[Task] Nothing but a number belongs in the answer: the count of lines below that contain the word "Definition".

[Stored data]
(* With the notation of the context, the joint distribution of $(\bar M,T,X,Z,R)$ satisfies $\widetilde p_{\bar M\,T\,X\,Z\,R}=\widetilde q_{\bar M\,T\,X\,Z\,R}$, where $$\widetilde q_{\bar M TXZR}(\bar m,t,x,z,\rho)\triangleq \widetilde p_{XZ|T}(x,z|t)\,2^{-n}\,|\mathcal{R}|^{-1}\,\mathds{1}\{\bar m=F(\rho,t)\},$$ i.e., under $\widetilde q$, $T$ is uniform on $\{0,1\}^n$, $R$ is uniform on $\mathcal{R}$ and independent of $T$, $(X,Z)$ is generated from $T$ by $\widetilde p_{XZ|T}$, and $\bar M=F(R,T)$.
   Context: Let $n\geq r$ be positive integers and identify $\{0,1\}^n$ with the finite field $\mathrm{GF}(2^n)$ (via a fixed basis); $\odot$ denotes field multiplication, $\|$ concatenation of bit strings. Let $\mathcal{R}=\{0,1\}^n\setminus\{\mathbf 0\}$. Let $\bar M$ be uniform on $\{0,1\}^r$, $R$ uniform on $\mathcal{R}$, $R'$ uniform on $\{0,1\}^{n-r}$, mutually independent, and define $T=R^{-1}\odot(\bar M\|R')$. Let $(X,Z)$ be random variables generated from $T$ through a conditional distribution $\widetilde p_{XZ|T}$ (in the paper, the one induced by the sub-block encoder and the eavesdropper's channel), conditionally independent of $(\bar M,R,R')$ given $T$; $\widetilde p$ denotes the resulting joint distribution. Define $F:\mathcal{R}\times\{0,1\}^n\to\{0,1\}^r$ by $F(\rho,t)=(\rho\odot t)|_{1:r}$, the leftmost $r$ bits of $\rho\odot t$. *)

From HB Require Import structures.
From mathcomp Require Import all_boot all_order all_algebra all_field.
Set Implicit Arguments. Unset Strict Implicit. Unset Printing Implicit Defensive.
Import Order.TTheory GRing.Theory Num.Theory.
Local Open Scope ring_scope.

Notation bits k := 'rV['F_2]_k.

Definition nzbits (n : nat) := {v : bits n | v != 0}.

(* A fixed identification of {0,1}^n (n = r + k) with the finite field L:
   phi : bits n -> L with inverse psi, phi additive (F_2-linear: basis). *)
Definition field_ident (n : nat) (L : finFieldType)
  (phi : bits n -> L) (psi : L -> bits n) : Prop :=
  [/\ cancel phi psi, cancel psi phi & forall u v, phi (u + v) = phi u + phi v].

Definition bmul (n : nat) (L : finFieldType) (phi : bits n -> L) (psi : L -> bits n)
  (u v : bits n) : bits n := psi (phi u * phi v).
Definition binv (n : nat) (L : finFieldType) (phi : bits n -> L) (psi : L -> bits n)
  (u : bits n) : bits n := psi ((phi u)^-1).

Definition Tmap (r k : nat) (L : finFieldType) (phi : bits (r + k) -> L)
  (psi : L -> bits (r + k)) (rho : nzbits (r + k)) (m : bits r) (r' : bits k)
  : bits (r + k) :=
  bmul phi psi (binv phi psi (val rho)) (row_mx m r').

Definition Fmap (r k : nat) (L : finFieldType) (phi : bits (r + k) -> L)
  (psi : L -> bits (r + k)) (rho : nzbits (r + k)) (t : bits (r + k)) : bits r :=
  lsubmx (bmul phi psi (val rho) t).

Definition cond_distr (R : numDomainType) (n : nat) (X Z : finType)
  (W : bits n -> X -> Z -> R) : Prop :=
  (forall t x z, 0 <= W t x z) /\ (forall t, \sum_(x : X) \sum_(z : Z) W t x z = 1).

(* The actual joint distribution p~ of (Mbar, T, X, Z, R): Mbar, R, R'
   independent uniform, T = Tmap R Mbar R', (X,Z) ~ W(.|T) conditionally
   independent of (Mbar,R,R') given T; R' marginalized out. *)
Definition ptilde (R : numFieldType) (r k : nat) (L : finFieldType)
  (phi : bits (r + k) -> L) (psi : L -> bits (r + k)) (X Z : finType)
  (W : bits (r + k) -> X -> Z -> R)
  (m : bits r) (t : bits (r + k)) (x : X) (z : Z) (rho : nzbits (r + k)) : R :=
  \sum_(r' : bits k)
     (2 ^+ r)^-1 * (#|{: nzbits (r + k)}|%:R)^-1 * (2 ^+ k)^-1
     * (t == Tmap phi psi rho m r')%:R * W t x z.

Definition qtilde (R : numFieldType) (r k : nat) (L : finFieldType)
  (phi : bits (r + k) -> L) (psi : L -> bits (r + k)) (X Z : finType)
  (W : bits (r + k) -> X -> Z -> R)
  (m : bits r) (t : bits (r + k)) (x : X) (z : Z) (rho : nzbits (r + k)) : R :=
  W t x z * (2 ^+ (r + k))^-1 * (#|{: nzbits (r + k)}|%:R)^-1
  * (m == Fmap phi psi rho t)%:R.

(* Multiplication by the unit rho is a bijection of GF(2^n), so T = rho^-1 (M || R')
   holds exactly when rho T = M || R'.  Summing over R', the only surviving term is
   R' = the right part of rho T, and it survives iff M = F(rho, T); the weights
   2^-r 2^-(n-r) then combine to 2^-n. *)

From HB Require Import structures.
From mathcomp Require Import all_boot all_order all_algebra all_field.
From mathcomp Require Import ring.
Set Implicit Arguments.
Unset Strict Implicit.
Unset Printing Implicit Defensive.

Import GRing.Theory.
Local Open Scope ring_scope.

Lemma eq_row_mxE (T : eqType) (m n1 n2 : nat) (A : 'M[T]_(m, n1 + n2))
    (B1 : 'M_(m, n1)) (B2 : 'M_(m, n2)) :
  (A == row_mx B1 B2) = (lsubmx A == B1) && (rsubmx A == B2).
Proof.
rewrite -{1}(hsubmxK A).
by apply/eqP/andP => [/eq_row_mx [-> ->] | [/eqP -> /eqP ->]].
Qed.

Lemma sum_eq_row_mx (R : pzSemiRingType) (T : finType) (m n1 n2 : nat)
    (A : 'M[T]_(m, n1 + n2)) (B1 : 'M_(m, n1)) :
  \sum_(B2 : 'M[T]_(m, n2)) ((A == row_mx B1 B2)%:R : R) = (lsubmx A == B1)%:R.
Proof.
under eq_bigr => B2 _ do rewrite eq_row_mxE.
rewrite (bigD1 (rsubmx A)) //= eqxx andbT big1 ?addr0 // => B2 neqB2.
by rewrite (eq_sym (rsubmx A)) (negbTE neqB2) andbF.
Qed.

Section TransportedField.

Variables (n : nat) (L : finFieldType) (phi : bits n -> L) (psi : L -> bits n).
Hypothesis phi_psi : field_ident phi psi.

Lemma field_ident_phi0 : phi 0 = 0.
Proof.
case: phi_psi => _ _ phiD.
by apply: (addrI (phi 0)); rewrite -phiD !addr0.
Qed.

Lemma field_ident_phi_eq0 (u : bits n) : (phi u == 0) = (u == 0).
Proof.
case: phi_psi => phiK _ _.
by rewrite -field_ident_phi0 (can_eq phiK).
Qed.

Lemma eq_bmul_binv (u t w : bits n) : u != 0 ->
  (t == bmul phi psi (binv phi psi u) w) = (bmul phi psi u t == w).
Proof.
case: phi_psi => phiK psiK _; rewrite -field_ident_phi_eq0 => nz_u.
rewrite /bmul /binv psiK.
apply/eqP/eqP => [-> | <-]; rewrite psiK mulrA.
- by rewrite mulfV // mul1r phiK.
- by rewrite mulVf // mul1r phiK.
Qed.

End TransportedField.

Theorem lemma4 (R : numFieldType) (r k : nat) (L : finFieldType)
  (phi : 'rV['F_2]_(r + k) -> L) (psi : L -> 'rV['F_2]_(r + k))
  (X Z : finType) (W : 'rV['F_2]_(r + k) -> X -> Z -> R) :
  field_ident phi psi ->
  cond_distr W ->
  forall (m : 'rV['F_2]_r) (t : 'rV['F_2]_(r + k)) (x : X) (z : Z)
         (rho : nzbits (r + k)),
    ptilde phi psi W m t x z rho = qtilde phi psi W m t x z rho.
Proof.
(* The identity holds pointwise for any kernel W. *)
move=> phi_psi _ m t x z rho.
rewrite /ptilde /qtilde /Fmap.
under eq_bigr => r' _ do
  rewrite /Tmap (eq_bmul_binv phi_psi _ _ (valP rho)) mulrAC.
rewrite -mulr_sumr sum_eq_row_mx eq_sym exprD invfM.
ring.
Qed.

[Exercise answer] 9